Description of the task =>
Copying nothing before it, reproduce the line that holds "Import GRing.Theory Num.Theory." and every line after it in the data, exactly.

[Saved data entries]
(* b keeps the coordinates with |t_i| <= 1; a larger one satisfies |t_i| <= M^(1-r) s_i
   with s_i := |t_i|^r. *)
Lemma feasibleA4_split (K : realType) n (r R p M : K) (a t : 'I_n -> K) :
  0 <= r -> r <= 1 -> (forall i, 0 <= a i) -> feasibleA4 r R p t ->
  (forall i, 1 < `|t i| -> `|t i| <= M) ->
  exists b s : 'I_n -> K, [/\ forall i, 0 <= b i <= 1, \sum_(i < n) b i ^+ 2 <= p,
    forall i, 0 <= s i <= R `^ r, \sum_(i < n) s i <= p &
    \sum_(i < n) a i * t i <= \sum_(i < n) a i * b i + M `^ (1 - r) * \sum_(i < n) a i * s i].
Proof.
move=> r0 r1 a0 [tR ft] tM.
exists (fun i => if `|t i| <= 1 then `|t i| else 0).
exists (fun i => if `|t i| <= 1 then 0 else `|t i| `^ r).
split.
- by move=> i; case: ifP => ti1; rewrite ?ti1 ?normr_ge0 ?lexx ?ler01.
- apply: le_trans ft; apply: ler_sum => i _; rewrite /fA4_fin.
  by case: ifP => _; rewrite ?real_normK ?num_real // expr0n powR_ge0.
- move=> i; case: ifP => _; rewrite ?lexx ?powR_ge0 //=.
  by apply: ge0_ler_powR; rewrite ?nnegrE ?normr_ge0 ?tR //; apply: le_trans (tR i).
- by apply: le_trans ft; apply: ler_sum => i _; rewrite /fA4_fin; case: ifP => _; rewrite ?sqr_ge0.
- rewrite mulr_sumr -big_split /=; apply: ler_sum => i _.
  apply: le_trans (ler_wpM2l (a0 i) (real_ler_norm (num_real (t i)))) _.
  case: ifP => [_|/negbT]; first by rewrite !mulr0 addr0.
  rewrite -ltNge => ti1; rewrite mulr0 add0r mulrCA; apply: ler_wpM2l => //.
  by rewrite mulrC; apply: ler_powR_interpolate => //; exact: tM.
Qed.

Section Regimes.

Variables (K : realType) (r R p : K) (n : nat) (a : 'I_n -> K).
Hypotheses (r_gt0 : 0 < r) (r_le1 : r <= 1) (R_gt1 : 1 < R) (p_ge1 : 1 <= p).
Hypotheses (a_ge0 : forall i, 0 <= a i) (a_noninc : forall i j : 'I_n, (i <= j)%N -> a j <= a i).

Let p_ge0 : 0 <= p := le_trans ler01 p_ge1.
Let R_gt0 : 0 < R := lt_trans ltr01 R_gt1.
Let Rr_gt0 : 0 < R `^ r := powR_gt0 r R_gt0.
Let Rr_le_R : R `^ r <= R := ler1_powR (ltW R_gt1) r_le1.

Local Notation S := (SA4 r R p a).
Local Notation A := (Num.sqrt (\sum_(i < n) a i ^+ 2)).
Local Notation H := (\sum_(i < n | (i.+1)%:R <= p / R `^ r) a i).

Lemma sum_mul_le_sqrt (b : 'I_n -> K) :
  \sum_(i < n) b i ^+ 2 <= p -> \sum_(i < n) a i * b i <= Num.sqrt p * A.
Proof.
move=> b2; apply: le_trans (cauchy_schwarz xpredT a b) _.
by rewrite mulrC ler_wpM2r ?sqrtr_ge0 ?ler_wsqrtr.
Qed.

Lemma sqrt_le_SA4 : p <= R ^+ 2 -> Num.sqrt p * A <= S.
Proof.
move=> pR2; have r2 : r <= 2 by apply: le_trans r_le1 _; rewrite ler1n.
have := le_SA4_sqrt R_gt1 p_ge0 a_ge0 (P := xpredT) r2 (lexx 0).
rewrite mul0r mul0r addr0; apply=> i _.
rewrite ltNge => /negP []; apply: ler_pM; rewrite ?sqrtr_ge0 //.
  by rewrite -(ger0_norm (ltW R_gt0)) -sqrtr_sqr ler_wsqrtr.
rewrite -(ger0_norm (a_ge0 i)) -sqrtr_sqr ler_wsqrtr // (bigD1 i) //= lerDl.
by apply: sumr_ge0 => j _; exact: sqr_ge0.
Qed.

Lemma feasibleA4_le_head (t : 'I_n -> K) : feasibleA4 r R p t -> R `^ r <= p ->
  exists b : 'I_n -> K, [/\ forall i, 0 <= b i <= 1, \sum_(i < n) b i ^+ 2 <= p &
    \sum_(i < n) a i * t i <= \sum_(i < n) a i * b i + 3 * R * H].
Proof.
move=> ft Rrp; have [tR _] := ft.
have [b [s [b01 b2 s0 s1 ts]]] := feasibleA4_split (ltW r_gt0) r_le1 a_ge0 ft (fun i _ => tR i).
exists b; split=> //; apply: le_trans ts _; rewrite lerD2l.
have := sum_mul_le_head a_ge0 a_noninc Rr_gt0 Rrp s0 s1.
move/(ler_wpM2l (powR_ge0 R (1 - r))) /le_trans; apply.
have RE : R `^ (1 - r) * R `^ r = R.
  by rewrite -powRD ?subrK ?powRr1 ?(ltW R_gt0) // (gt_eqF R_gt0) implybT.
have -> : R `^ (1 - r) * (3 * R `^ r * H) = 3 * (R `^ (1 - r) * R `^ r) * H by ring.
by rewrite RE.
Qed.
(* One step of the pattern-avoiding stack machine.  The stack is a list whose
   head is the top, so the list itself reads the contents top to bottom.
   State: (input, stack, output). *)
Definition stack_step (T : seq (seq nat)) (st : seq nat * seq nat * seq nat)
  : seq nat * seq nat * seq nat :=
  let: (inp, stk, out) := st in
  match inp with
  | a :: inp' =>
      if avoids_all T (a :: stk) then (inp', a :: stk, out)
      else match stk with
           | b :: stk' => (inp, stk', rcons out b)
           | [::] => (inp', [:: a], out) (* never happens for patterns of length >= 2 *)
           end
  | [::] =>
      match stk with
      | b :: stk' => (inp, stk', rcons out b)
      | [::] => st
      end
  end.

Fixpoint stack_run (T : seq (seq nat)) (fuel : nat) st :=
  if fuel is k.+1 then stack_run T k (stack_step T st) else st.

(* s_T(x): each entry is pushed once and popped once, so 2|x| steps suffice. *)
Definition s_T (T : seq (seq nat)) (x : seq nat) : seq nat :=
  (stack_run T (2 * size x) (x, [::], [::])).2.

Definition s_pair (sigma tau : seq nat) := s_T [:: sigma; tau].

Definition west_s := s_T [:: [:: 2; 1]].

Definition in_Sort (n : nat) (sigma tau : seq nat) (x : seq nat) : bool :=
  is_perm n x && (west_s (s_pair sigma tau x) == iota 1 n).

(* Write x' for map succn x, so that inc x = x' ++ [:: 1].  Reading x', the
   (123,321)-machine reaches a stack S and an output O; the last entry 1 then pops
   a prefix P of S = P ++ S2 and stays, so s_{123,321}(inc x) = O ++ P ++ 1 :: S2
   while s_{123,321}(x') = O ++ P ++ S2.  If O ++ P is decreasing, West's map
   sends 1 straight to the front and both sides are sorted or not together.
   Otherwise O ++ P has an ascent b < c, so b c 1 is a 231 and s(inc x) is not
   sorted; and O ++ P ++ S2 contains a 231 too: the minimum of x' either left the
   stack during the reading, which already outputs a 231, or it stays in S, and
   then it is the last entry of P or lies in S2, since an ascent below it on the
   stack would complete a 123. *)

From mathcomp Require Import all_boot zify.
Set Implicit Arguments. Unset Strict Implicit. Unset Printing Implicit Defensive.

Definition state := (seq nat * seq nat * seq nat)%type.

Definition pending (st : state) := 2 * size st.1.1 + size st.1.2.

Definition run_out T (st : state) := (stack_run T (pending st) st).2.

Definition content (st : state) := st.2 ++ st.1.2 ++ st.1.1.

Variant stack_step_spec T : state -> state -> Prop :=
  | StepPush a i s o of (s == [::]) || avoids_all T (a :: s) :
      stack_step_spec T (a :: i, s, o) (i, a :: s, o)
  | StepPop i b s o of (i == [::]) || ~~ avoids_all T (head 0 i :: b :: s) :
      stack_step_spec T (i, b :: s, o) (i, s, rcons o b)
  | StepIdle o : stack_step_spec T ([::], [::], o) ([::], [::], o).

Lemma stack_stepP T st : stack_step_spec T st (stack_step T st).
Proof.
case: st => [[[|a i] [|b s]] o] /=; try by constructor.
- by case: ifP => _; constructor.
- by case: ifP => av; constructor; rewrite ?av.
Qed.

Lemma stack_step_push T a i s o :
  avoids_all T (a :: s) -> stack_step T (a :: i, s, o) = (i, a :: s, o).
Proof. by case: s => [|b s] /= ->. Qed.

Lemma stack_step_pop T a i b s o :
  ~~ avoids_all T [:: a, b & s] -> stack_step T (a :: i, b :: s, o) = (a :: i, s, rcons o b).
Proof. by move=> /negbTE /= ->. Qed.
(* A red/blue edge-coloured bipartite (multi)graph G = (A ⊔ B, E):
   edges form a finite type E, edge f joins ea f ∈ A and eb f ∈ B,
   red f says f is red (otherwise blue).  Vertices are A + B. *)
Section Matchings.
Variables (A B E : finType) (ea : E -> A) (eb : E -> B) (red : pred E).

Definition vtx := (A + B)%type.

Definition simple_graph : Prop := injective (fun f => (ea f, eb f)).

Definition incident (f : E) (v : vtx) : bool :=
  (v == inl (ea f)) || (v == inr (eb f)).

Definition perfect (M : {set E}) : Prop :=
  forall v : vtx, #|[set f in M | incident f v]| = 1%N.

Definition Rd (H : {set E}) : {set E} := [set f in H | red f].

(* G_M : edges of M oriented A -> B, others B -> A *)
Definition tl (M : {set E}) (f : E) : vtx :=
  if f \in M then inl (ea f) else inr (eb f).
Definition hd (M : {set E}) (f : E) : vtx :=
  if f \in M then inr (eb f) else inl (ea f).

Definition Eplus (M H : {set E}) : {set E} := [set f in H | red f & f \notin M].
Definition Eminus (M H : {set E}) : {set E} := [set f in H | red f & f \in M].
Definition wM (M H : {set E}) : int := (#|Eplus M H|%:Z - #|Eminus M H|%:Z)%R.

Definition dcycle_seq (M : {set E}) (s : seq E) : Prop :=
  match s with
  | [::] => False
  | f0 :: _ =>
      (forall i, (i.+1 < size s)%N ->
         hd M (nth f0 s i) = tl M (nth f0 s i.+1))
      /\ hd M (last f0 s) = tl M f0
      /\ uniq (map (tl M) s)
  end.

(* directed cycles are identified with their edge sets *)
Definition is_dcycle (M C : {set E}) : Prop :=
  exists s, dcycle_seq M s /\ C = [set f in s].

Definition nxt (M C : {set E}) (f : E) : E :=
  odflt f [pick g in C | tl M g == hd M f].

(* C[x, y]: the sub-path of the directed cycle C from edge x to edge y,
   both included *)
Definition carc (M C : {set E}) (x y : E) : {set E} :=
  [set z | [exists i : 'I_#|E|.+1,
      (z == iter i (nxt M C) x) &&
      [forall j : 'I_#|E|.+1, (j < i)%N ==> (iter j (nxt M C) x != y)]]].

Definition on_set (C : {set E}) (v : vtx) : bool :=
  [exists f in C, incident f v].

Definition subpath (M C Q : {set E}) (x y : E) : Prop :=
  [/\ x \in C, y \in C, Q = carc M C x y & Q != C].

Definition sym_diff (X Y : {set E}) : {set E} := (X :\: Y) :|: (Y :\: X).

Definition is_Me (e : E) (Me : {set E}) : Prop :=
  [/\ perfect Me, e \in Me &
      forall M', perfect M' -> e \in M' -> (#|Rd Me| <= #|Rd M'|)%N].

Definition critical (k : nat) (Ms M : {set E}) : Prop :=
  [/\ (forall f : E, exists Mf, perfect Mf /\ f \in Mf),
      perfect Ms, perfect M,
      #|Rd Ms| = k &
      [/\ (3 * #|Rd M| < k)%N,
      (forall C, is_dcycle M C -> (0 < wM M C)%R -> (2 * k < 3 * #|Eplus M C|)%N) &
      (forall f, red f -> f \in Ms :\: M ->
         forall Mf, is_Me f Mf -> (3 * #|Rd Mf| < k)%N)]].

Definition is_Cplus (Ms M Cp : {set E}) : Prop :=
  [/\ is_dcycle M Cp, Cp \subset sym_diff M Ms & (0 < wM M Cp)%R].

Definition is_Ce (M Me Ce : {set E}) (e : E) : Prop :=
  [/\ is_dcycle M Ce, Ce \subset sym_diff M Me & e \in Ce].

Definition jump (M Cp Ce Q : {set E}) : Prop :=
  exists x y, [/\ subpath M Ce Q x y,
    on_set Cp (tl M x), on_set Cp (hd M y),
    (forall z, z \in Q -> z != y -> ~~ on_set Cp (hd M z)) &
    [disjoint Q & Cp]].

Definition is_CQ (M Cp Q CQ : {set E}) : Prop :=
  [/\ is_dcycle M CQ, CQ \subset Cp :|: Q & Q \subset CQ].

Definition forward (M Cp Q : {set E}) : Prop :=
  exists CQ, is_CQ M Cp Q CQ /\ (0 < wM M CQ)%R.
Definition backward (M Cp Q : {set E}) : Prop :=
  exists CQ, is_CQ M Cp Q CQ /\ ~ (0 < wM M CQ)%R.

Definition in_reach (M Cp Q : {set E}) (f : E) : Prop :=
  exists CQ, is_CQ M Cp Q CQ /\
    (if (0 < wM M CQ)%R then f \in Cp :\: CQ else f \in CQ :\: Q).

Definition in_rf (M Cp Ce P : {set E}) (f : E) : Prop :=
  f \in P :&: Cp \/
  exists Q, [/\ jump M Cp Ce Q, Q \subset P, forward M Cp Q & in_reach M Cp Q f].

Definition in_rb (M Cp Ce P : {set E}) (f : E) : Prop :=
  exists Q, [/\ jump M Cp Ce Q, Q \subset P, backward M Cp Q & in_reach M Cp Q f].

End Matchings.

(* Walk along P = C_e[e_s, e_f], keeping an unwrapped integer position L on
   C^+ of the last vertex of C^+ reached, with the invariant that the C^+
   positions [a, L) lie in r_f(P) and [L, a] in r_b(P), where e_s = C^+(a).
   An edge of P on C^+ advances L by one.  A jump Q leaving C^+ at L and
   landing at a position v with L - |C^+| < v < L closes, with the arc [v, L)
   of C^+, the cycle C_Q: if Q is forward its reach is the complementary arc
   [L, v + |C^+|) and L moves on to v + |C^+|; if Q is backward its reach is
   [v, L) and L moves back to v.  When the walk reaches e_f = C^+(L), either
   L >= a and C^+[e_s, e_f] lies in r_f(P), or L < a and C^+[e_f, e_s] lies
   in r_b(P). *)

From Pilot Require Import Defs.
From mathcomp Require Import all_boot all_order all_algebra.
From mathcomp Require Import zify ring.

Set Implicit Arguments.
Unset Strict Implicit.
Unset Printing Implicit Defensive.
Import GRing.Theory Num.Theory.

Local Open Scope ring_scope.

Lemma mulz_bounded_eq0 (q n : int) : 0 < n -> - n < q * n < n -> q = 0.
Proof.
move=> n_gt0 qn.
have [//|[q_ge1|q_le]] : q = 0 \/ 1 <= q \/ q <= -1 by lia.
all: nia.
Qed.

Task result =>
Import GRing.Theory Num.Theory.

Local Open Scope ring_scope.

Lemma mulz_bounded_eq0 (q n : int) : 0 < n -> - n < q * n < n -> q = 0.
Proof.
move=> n_gt0 qn.
have [//|[q_ge1|q_le]] : q = 0 \/ 1 <= q \/ q <= -1 by lia.
all: nia.
Qed.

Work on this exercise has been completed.